(* For an isolated vertex the division yields 0, harmlessly: no edge uses it. *)
Let weight i := M%:R * `|x 0 i| ^+ 2 / (degree E i)%:R.

Let weight_ge0 i : 0 <= weight i.
Proof. by rewrite divr_ge0 ?mulr_ge0 ?exprn_ge0. Qed.

Let norm_le_weight i : (0 < degree E i)%N -> `|x 0 i| ^+ 2 <= weight i.
Proof.
move=> di; have [iS|/x_supp ->] := boolP (i \in S); last by rewrite normr0 expr0n.
by rewrite ler_pdivlMr ?ltr0n // mulrC ler_wpM2r ?exprn_ge0 ?ler_nat ?deg_le.
Qed.

Let edge_energy_le e : e \in E ->
  `|x 0 e.1 - (e.1 != e.2)%:R * x 0 e.2| ^+ 2 <= weight e.1 + (e.1 != e.2)%:R * weight e.2.
Proof.
case: e => u v eE /=.
have du : (0 < degree E u)%N by apply: degree_gt0 eE _; rewrite eqxx.
have dv : (0 < degree E v)%N by apply: degree_gt0 eE _; rewrite eqxx orbT.
have [<-|uv] := eqVneq u v; first by rewrite /= !mul0r subr0 addr0 norm_le_weight.
rewrite /= !mul1r; have [uS|/x_supp ->] := boolP (u \in S); last first.
  by rewrite sub0r normrN (le_trans (norm_le_weight dv)) ?lerDr.
have [vS|/x_supp ->] := boolP (v \in S); last first.
  by rewrite subr0 (le_trans (norm_le_weight du)) ?lerDl.
apply: le_trans (_ : (`|x 0 u| + `|x 0 v|) ^+ 2 <= _).
  by apply: lerXn2r; rewrite ?nnegrE ?addr_ge0 ?ler_normB.
have du' : 0 < (degree E u)%:R :> C by rewrite ltr0n.
have dv' : 0 < (degree E v)%:R :> C by rewrite ltr0n.
apply: le_trans (sqrD_le_weighted (normr_ge0 _) (normr_ge0 _) du' dv') _.
rewrite -natrD /weight -!mulrA -mulrDr ler_wpM2r ?ler_nat ?deg_pair_le //.
by rewrite addr_ge0 // mulr_ge0 // divr_ge0.
Qed.
Lemma psign_ptoggle (jp jp' : P) (e : E) i0 : jp i0 = None ->
  pextends (pfull e) jp' -> psign (ptoggle i0 (e i0) jp') jp = - psign jp' jp.
Proof.
move=> jp_i0 ext; have [in_i0 off_i0] := pdom_ptoggle i0 ext.
have i0_dom : i0 \notin pdom jp by rewrite inE jp_i0.
rewrite /psign (cardsD1 i0) [in RHS](cardsD1 i0) !in_setD i0_dom in_i0 /=.
have -> : pdom (ptoggle i0 (e i0) jp') :\: pdom jp :\ i0 =
          pdom jp' :\: pdom jp :\ i0.
  by rewrite !setDDl !(setUC (pdom jp)) -!setDDl off_i0.
by case: (i0 \in pdom jp'); rewrite !exprD ?expr1 ?expr0 ?mulN1r ?mul1r ?opprK.
Qed.

(* [ptoggle i0 (e i0)], for [i0] outside the domain of [jp], is a sign-reversing
   involution of the interval between [jp] and [pfull e]. *)
Lemma sum_psign_interval (jp : P) (e : E) : pdom jp != setT ->
  \sum_(jp' | pextends jp' jp && pextends (pfull e) jp') psign jp' jp = 0.
Proof.
rewrite -properT => /properP[_ [i0 _]]; rewrite inE negbK => /eqP jp_i0.
set S := \sum_(_ | _) _; have : S = - S.
  rewrite {1}/S (reindex_inj (inv_inj (ptoggleK i0 (e i0)))) /= -sumrN.
  apply: eq_big => jp'; first by rewrite pextends_ptoggle_l // pextends_ptoggle_r.
  by rewrite pextends_ptoggle_r => /andP[_ ext]; rewrite psign_ptoggle.
by move/eqP; rewrite -addr_eq0 -mulr2n mulrn_eq0 => /= /eqP.
Qed.

Definition rlt_lift (x : pt) (jp : P) : R :=
  \sum_(e : E | pextends (pfull e) jp) x.2 e.

Lemma rlt_lift_pfull x e : rlt_lift x (pfull e) = x.2 e.
Proof.
by rewrite /rlt_lift (eq_bigl _ _ (fun e' => pextends_pfull e' e)) big_pred1_eq.
Qed.

Lemma rlt_lift_psingle x i k :
  rlt_lift x (psingle i k) = \sum_(e : E | e i == k) x.2 e.
Proof. by apply: eq_bigl => e; rewrite pextends_psingle. Qed.
Section Defs.
Context (d : measure_display) (T : measurableType d) (R : realType)
        (P : probability T R).

Definition ev (X : T -> bool) (x : bool) : set T := X @^-1` [set x].

Definition prob (S : set T) : R := fine (P S).

Definition cprob (S B : set T) : R := prob (S `&` B) / prob B.

Definition cexp (Y : T -> R) (B : set T) : R :=
  fine (\int[P]_(t in B) (Y t)%:E) / prob B.

(* Convention: for a binary variable, the value "a" is [true] and
   "abar" is [false]. *)

Definition EY_nondec (Y : T -> R) (X Z : T -> bool) : Prop :=
  forall x, cexp Y (ev X x `&` ev Z false) <= cexp Y (ev X x `&` ev Z true).

Definition EY_noninc (Y : T -> R) (X Z : T -> bool) : Prop :=
  forall x, cexp Y (ev X x `&` ev Z true) <= cexp Y (ev X x `&` ev Z false).

(* E[X | Z] = p(X = a | Z) is nondecreasing in Z *)
Definition EA_nondec (X Z : T -> bool) : Prop :=
  cprob (ev X true) (ev Z false) <= cprob (ev X true) (ev Z true).

Definition EA_noninc (X Z : T -> bool) : Prop :=
  cprob (ev X true) (ev Z true) <= cprob (ev X true) (ev Z false).

End Defs.

(* The factorization makes Y independent of D given A and C, so conditioning on
   {A = x, C = y, D = z} gives the same expectation m_y of Y as conditioning on
   {A = x, C = y}.  Hence E[Y | A = x, D = z] is the mean of m_c and m_cbar weighted by
   q(x, y, z) = p(A = x, C = y, D = z), and p(a | D = z) is the mean of p(a | c) and
   p(a | cbar) weighted by p(C = y | D = z).  Writing v_z = p(c | D = z), the weights
   satisfy q(x,c,d) q(x,cbar,dbar) - q(x,cbar,d) q(x,c,dbar)
   = p(d) p(dbar) p(x | c) p(x | cbar) (v_d - v_dbar), so both D-differences are positive
   multiples of (v_d - v_dbar) times the corresponding C-differences.  Dependence of C
   and D means v_d <> v_dbar: passing from C to D preserves both directions of
   monotonicity or reverses both. *)

From HB Require Import structures.
From mathcomp Require Import all_boot all_order all_algebra.
From mathcomp Require Import all_classical all_reals all_analysis.
From mathcomp Require Import measurable_realfun ring.
Import Order.TTheory GRing.Theory Num.Theory.
Local Open Scope classical_set_scope.
Local Open Scope ring_scope.
Set Implicit Arguments. Unset Strict Implicit. Unset Printing Implicit Defensive.
Lemma lowest_coef_eq0 {R : idomainType} {j} {c : R} {r : {poly R}} :
  'X^(j.+1) %| c%:P * 'X^j + 'X^(j.+1) * r -> c = 0.
Proof.
rewrite dvdp_addl; last exact: dvdp_mulr.
apply: contraTeq => c_neq0; apply/negP => dvd_cXj.
have cXj_neq0 : c%:P * 'X^j != 0 by rewrite mulf_neq0 ?polyC_eq0 ?expf_neq0 ?polyX_eq0.
by have := dvdp_leq cXj_neq0 dvd_cXj; rewrite size_Cmul // !size_polyXn ltnn.
Qed.

Lemma expr1D_sq {R : comNzRingType} (e : R) k :
  exists r, (1 + e) ^+ k = 1 + e * k%:R + e ^+ 2 * r.
Proof.
elim: k => [|k [r Er]]; first by exists 0; rewrite expr0 !mulr0 !addr0.
by exists (k%:R + r * (1 + e)); rewrite exprS Er -natr1; ring.
Qed.

Section Drinfeld.
Context {F : closedFieldType} {p : nat}.
Hypothesis p_gt1 : (1 < p)%N.
Implicit Types (N D H : {mpoly F[3]}) (g : 'M[F]_2).

HB.instance Definition _ := GRing.RMorphism.copy (@dehom F)
  (comp_mpoly [tuple 1; 'X_(0 : 'I_2); 'X_(1 : 'I_2)]).
HB.instance Definition _ (g : 'M[F]_2) := GRing.RMorphism.copy (pullback g)
  (comp_mpoly [tuple ga g *: vX F + gb g *: vY F; gc g *: vX F + gd g *: vY F;
                     vZ F]).

Definition branch_y : {poly F} := - 'X^(p.+1).
Definition branch (i : 'I_2) : {poly F} := if i == 0 then branch_y else 'X.

Definition expand : {mpoly F[2]} -> {poly F} := mmap (@polyC F) branch.
HB.instance Definition _ := GRing.RMorphism.copy expand
  (mmap (@polyC F) branch).

(* The homogeneous coordinates of g (1 : y(t) : t) for g = [a b; c d]. *)
Definition gcoords (a b c d : F) (i : 'I_3) : {poly F} :=
  if i == 0 then a%:P + b%:P * branch_y
  else if i == 1 then c%:P + d%:P * branch_y else 'X.

Definition coord_subst (v : 'I_3 -> {poly F}) : {mpoly F[3]} -> {poly F} :=
  mmap (@polyC F) v.
HB.instance Definition _ v := GRing.RMorphism.copy (coord_subst v)
  (mmap (@polyC F) v).

Lemma expandC c : expand c%:MP = c%:P. Proof. exact: mmapC. Qed.
Lemma expandX i : expand 'X_i = branch i. Proof. by rewrite /expand mmapX mmap1U. Qed.
Lemma coord_substC v c : coord_subst v c%:MP = c%:P. Proof. exact: mmapC. Qed.
Lemma coord_substX v i : coord_subst v 'X_i = v i.
Proof. by rewrite /coord_subst mmapX mmap1U. Qed.

Lemma Xn_dvdp_branch_y n : (n <= p.+1)%N -> 'X^n %| branch_y.
Proof. by move=> le_np; rewrite /branch_y -mulN1r dvdp_mull // dvdp_exp2l. Qed.

Lemma pullback1 H : pullback (1%:M : 'M[F]_2) H = H.
Proof.
apply: (eq_mpoly_rmorph (pullback 1%:M) idfun _ _ H) => [c|i] /=.
  by rewrite /pullback comp_mpolyC.
rewrite /pullback comp_mpolyXU /ga /gb /gc /gd !mxE /=.
by case: i => [[|[|[|//]]] ?] /=; rewrite ?scale1r ?scale0r ?addr0 ?add0r;
  congr 'X_ _; apply: val_inj.
Qed.

Lemma expand_dehom_pullback g H :
  expand (dehom (pullback g H)) = coord_subst (gcoords (ga g) (gb g) (gc g) (gd g)) H.
Proof.
apply: (eq_mpoly_rmorph (expand \o @dehom F \o pullback g) (coord_subst _) _ _ H).
  by move=> c /=; rewrite /pullback /dehom !comp_mpolyC expandC coord_substC.
move=> i /=; rewrite coord_substX /pullback comp_mpolyXU /dehom.
case: i => [[|[|[|//]]] ?]; rewrite /= /vX /vY ?comp_mpolyD ?comp_mpolyZ !comp_mpolyXU /=.
all: by rewrite -?mul_mpolyC ?mulr1 ?rmorphD ?rmorphM /= ?expandC expandX.
Qed.

Lemma expand_dehom H : expand (dehom H) = coord_subst (gcoords 1 0 0 1) H.
Proof. by rewrite -{1}[H]pullback1 expand_dehom_pullback /ga /gb /gc /gd !mxE. Qed.

Lemma expand_at0 h : (expand h).[0] = h.@[fun _ => 0].
Proof.
apply: (eq_mpoly_rmorph (horner_eval 0 \o expand) (meval _) _ _ h) => [c|i] /=.
  by rewrite expandC /horner_eval hornerC mevalC.
rewrite expandX mevalXU /horner_eval /branch; case: ifP => _; last exact: hornerX.
by rewrite /branch_y hornerN hornerXn expr0n oppr0.
Qed.

Definition affine_eq : {mpoly F[2]} := 'X_0 ^+ p - 'X_0 - 'X_1 ^+ p.+1.

Lemma dehom_drinfeld : dehom (drinfeld_poly F p) = affine_eq.
Proof.
rewrite /drinfeld_poly !rmorphB !rmorphM !rmorphXn /= /dehom /vX /vY /vZ.
by rewrite !comp_mpolyXU /= expr1n !mul1r.
Qed.

Lemma expand_affine_eq : expand affine_eq = branch_y ^+ p.
Proof. by rewrite /affine_eq !rmorphB !rmorphXn /= !expandX /= /branch_y opprK addrK. Qed.

Lemma dvdp_expand n b : mdeg_ge n b -> 'X^n %| expand b.
Proof.
move=> bn; rewrite /expand /mmap big_seq.
apply: (big_ind (fun q => 'X^n %| q)) => [|x y|m mb]; [exact: dvdp0|exact: dvdp_add|].
apply: dvdp_mull; rewrite /mmap1 big_ord_recr big_ord1 /= /branch /=.
have := bn m mb; rewrite mdegE big_ord_recr big_ord1 /= => le_n.
apply: dvdp_trans (dvdp_exp2l 'X le_n) _; rewrite exprD.
by rewrite dvdp_mul // dvdp_exp2r // -['X]expr1 Xn_dvdp_branch_y.
Qed.

Lemma ord_ge_le {m n N D} : (m <= n)%N -> ord_ge p n N D -> ord_ge p m N D.
Proof.
move=> le_mn [u [a [b [u0 [E bn]]]]]; exists u, a, b.
by split; [|split; [|exact: mdeg_ge_le bn]].
Qed.

(* Along the branch the affine equation vanishes to order p(p+1). *)
Lemma ord_ge_dvdp_expand {n N D} :
  (n <= p * p.+1)%N -> ord_ge p n N D -> 'X^n %| expand (dehom N).
Proof.
move=> le_n [u [a [b [u0 [E bn]]]]].
have dvd_uN : 'X^n %| expand u * expand (dehom N).
  rewrite -rmorphM E rmorphD !rmorphM /= dvdp_add ?dvdp_mull //; first exact: dvdp_expand.
  rewrite dehom_drinfeld expand_affine_eq /branch_y -mulN1r exprMn dvdp_mull //.
  by rewrite -exprM mulnC dvdp_exp2l.
rewrite Gauss_dvdpr in dvd_uN => //; apply: coprimep_expl.
rewrite coprimep_sym -[X in coprimep _ X]subr0 -polyC0 coprimep_XsubC.
by rewrite rootE expand_at0.
Qed.

Definition lift_z : {poly F} -> {mpoly F[2]} :=
  horner_eval 'X_1 \o map_poly (mpolyC 2 (R:=F)).
HB.instance Definition _ := GRing.RMorphism.copy lift_z
  (horner_eval 'X_1 \o map_poly (mpolyC 2 (R:=F))).

Lemma lift_zC c : lift_z c%:P = c%:MP.
Proof. by rewrite /lift_z /= map_polyC /horner_eval hornerC. Qed.
Lemma lift_zX : lift_z 'X = 'X_1.
Proof. by rewrite /lift_z /= map_polyX /horner_eval hornerX. Qed.

Lemma lift_z_expand h : exists q, h - lift_z (expand h) = ('X_0 + 'X_1 ^+ p.+1) * q.
Proof.
elim/mpoly_ind_ring: h.
- by move=> c; exists 0; rewrite expandC lift_zC subrr mulr0.
- case=> [[|[|//]] ?]; rewrite expandX /branch /=.
    exists 1; rewrite mulr1 /branch_y rmorphN rmorphXn /= lift_zX opprK.
    by congr ('X_ _ + _); apply: val_inj.
  by exists 0; rewrite lift_zX mulr0; apply/eqP; rewrite subr_eq0;
     apply/eqP; congr 'X_ _; apply: val_inj.
- move=> x y [q1 E1] [q2 E2]; exists (q1 + q2).
  by rewrite !rmorphD /= mulrDr -E1 -E2 opprD addrACA.
move=> x y [q1 E1] [q2 E2]; exists (q1 * y + lift_z (expand x) * q2).
by rewrite !rmorphM /= mulrDr mulrA -E1 mulrCA -E2 mulrBl mulrBr addrA subrK.
Qed.

(* On the curve, y + z^(p+1) = y^p: multiplying by 1 - y^(p-1) turns the
   defect of the expansion into a multiple of the equation plus a term of
   degree 2p. *)
Lemma dvdp_expand_ord_ge n N D : (n <= 2 * p)%N ->
  (expand (dehom D)).[0] != 0 -> 'X^n %| expand (dehom N) -> ord_ge p n N D.
Proof.
move=> le_n D0 /dvdpP [r Er].
have [q Eq] := lift_z_expand (dehom N).
have [k Ek] : exists k, p = k.+2 by exists p.-2; case: p p_gt1 => [|[|]].
set w : {mpoly F[2]} := 1 - 'X_0 ^+ k.+1.
exists (w * dehom D), (- (q * dehom D)),
  (w * lift_z r * 'X_1 ^+ n - q * 'X_0 ^+ k.+1 * 'X_1 ^+ p.+1).
split; [|split].
- rewrite /w rmorphM rmorphB rmorph1 rmorphXn /= mevalXU expr0n subr0 mul1r.
  by rewrite -expand_at0.
- rewrite dehom_drinfeld /affine_eq.
  have -> : dehom N = lift_z r * 'X_1 ^+ n + ('X_0 + 'X_1 ^+ p.+1) * q.
    by rewrite -Eq Er rmorphM rmorphXn /= lift_zX addrC subrK.
  rewrite /w Ek; clear Eq; move: (dehom D) (lift_z r) q => a b c.
  by rewrite !exprS; ring.
- apply: mdeg_geB; first by apply: mdeg_geMl; apply: mdeg_ge_Xn.
  rewrite -mulrA; apply: mdeg_geMl.
  apply: (@mdeg_ge_le _ _ _ (k.+1 + p.+1)%N); first by rewrite Ek; lia.
  by apply: mdeg_geM; apply: mdeg_ge_Xn.
Qed.

Definition P_form d c0 c1 (P Q : {mpoly F[3]}) :=
  c0%:MP * vX F ^+ d + c1%:MP * (vX F ^+ d.-1 * vZ F) + vY F * P + vZ F ^+ 2 * Q.

Definition has_P_form d (H : {mpoly F[3]}) :=
  exists c0 c1 P Q, H = P_form d c0 c1 P Q /\ (d = 0%N -> c1 = 0).

Lemma has_P_formD d H1 H2 :
  has_P_form d H1 -> has_P_form d H2 -> has_P_form d (H1 + H2).
Proof.
move=> [a0 [a1 [P1 [Q1 [E1 Z1]]]]] [b0 [b1 [P2 [Q2 [E2 Z2]]]]].
exists (a0 + b0), (a1 + b1), (P1 + P2), (Q1 + Q2); split.
  by rewrite E1 E2 /P_form !mpolyCD; ring.
by move=> d0; rewrite Z1 // Z2 // addr0.
Qed.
--------------------------------
--- YOUR ASSIGNMENT ---
If a line comes after the one containing "have dv' : 0", leave it out; set down every line of the data before it, and that line itself, exactly.

--- REPLY TO THE TASK ---
(* For an isolated vertex the division yields 0, harmlessly: no edge uses it. *)
Let weight i := M%:R * `|x 0 i| ^+ 2 / (degree E i)%:R.

Let weight_ge0 i : 0 <= weight i.
Proof. by rewrite divr_ge0 ?mulr_ge0 ?exprn_ge0. Qed.

Let norm_le_weight i : (0 < degree E i)%N -> `|x 0 i| ^+ 2 <= weight i.
Proof.
move=> di; have [iS|/x_supp ->] := boolP (i \in S); last by rewrite normr0 expr0n.
by rewrite ler_pdivlMr ?ltr0n // mulrC ler_wpM2r ?exprn_ge0 ?ler_nat ?deg_le.
Qed.

Let edge_energy_le e : e \in E ->
  `|x 0 e.1 - (e.1 != e.2)%:R * x 0 e.2| ^+ 2 <= weight e.1 + (e.1 != e.2)%:R * weight e.2.
Proof.
case: e => u v eE /=.
have du : (0 < degree E u)%N by apply: degree_gt0 eE _; rewrite eqxx.
have dv : (0 < degree E v)%N by apply: degree_gt0 eE _; rewrite eqxx orbT.
have [<-|uv] := eqVneq u v; first by rewrite /= !mul0r subr0 addr0 norm_le_weight.
rewrite /= !mul1r; have [uS|/x_supp ->] := boolP (u \in S); last first.
  by rewrite sub0r normrN (le_trans (norm_le_weight dv)) ?lerDr.
have [vS|/x_supp ->] := boolP (v \in S); last first.
  by rewrite subr0 (le_trans (norm_le_weight du)) ?lerDl.
apply: le_trans (_ : (`|x 0 u| + `|x 0 v|) ^+ 2 <= _).
  by apply: lerXn2r; rewrite ?nnegrE ?addr_ge0 ?ler_normB.
have du' : 0 < (degree E u)%:R :> C by rewrite ltr0n.
have dv' : 0 < (degree E v)%:R :> C by rewrite ltr0n.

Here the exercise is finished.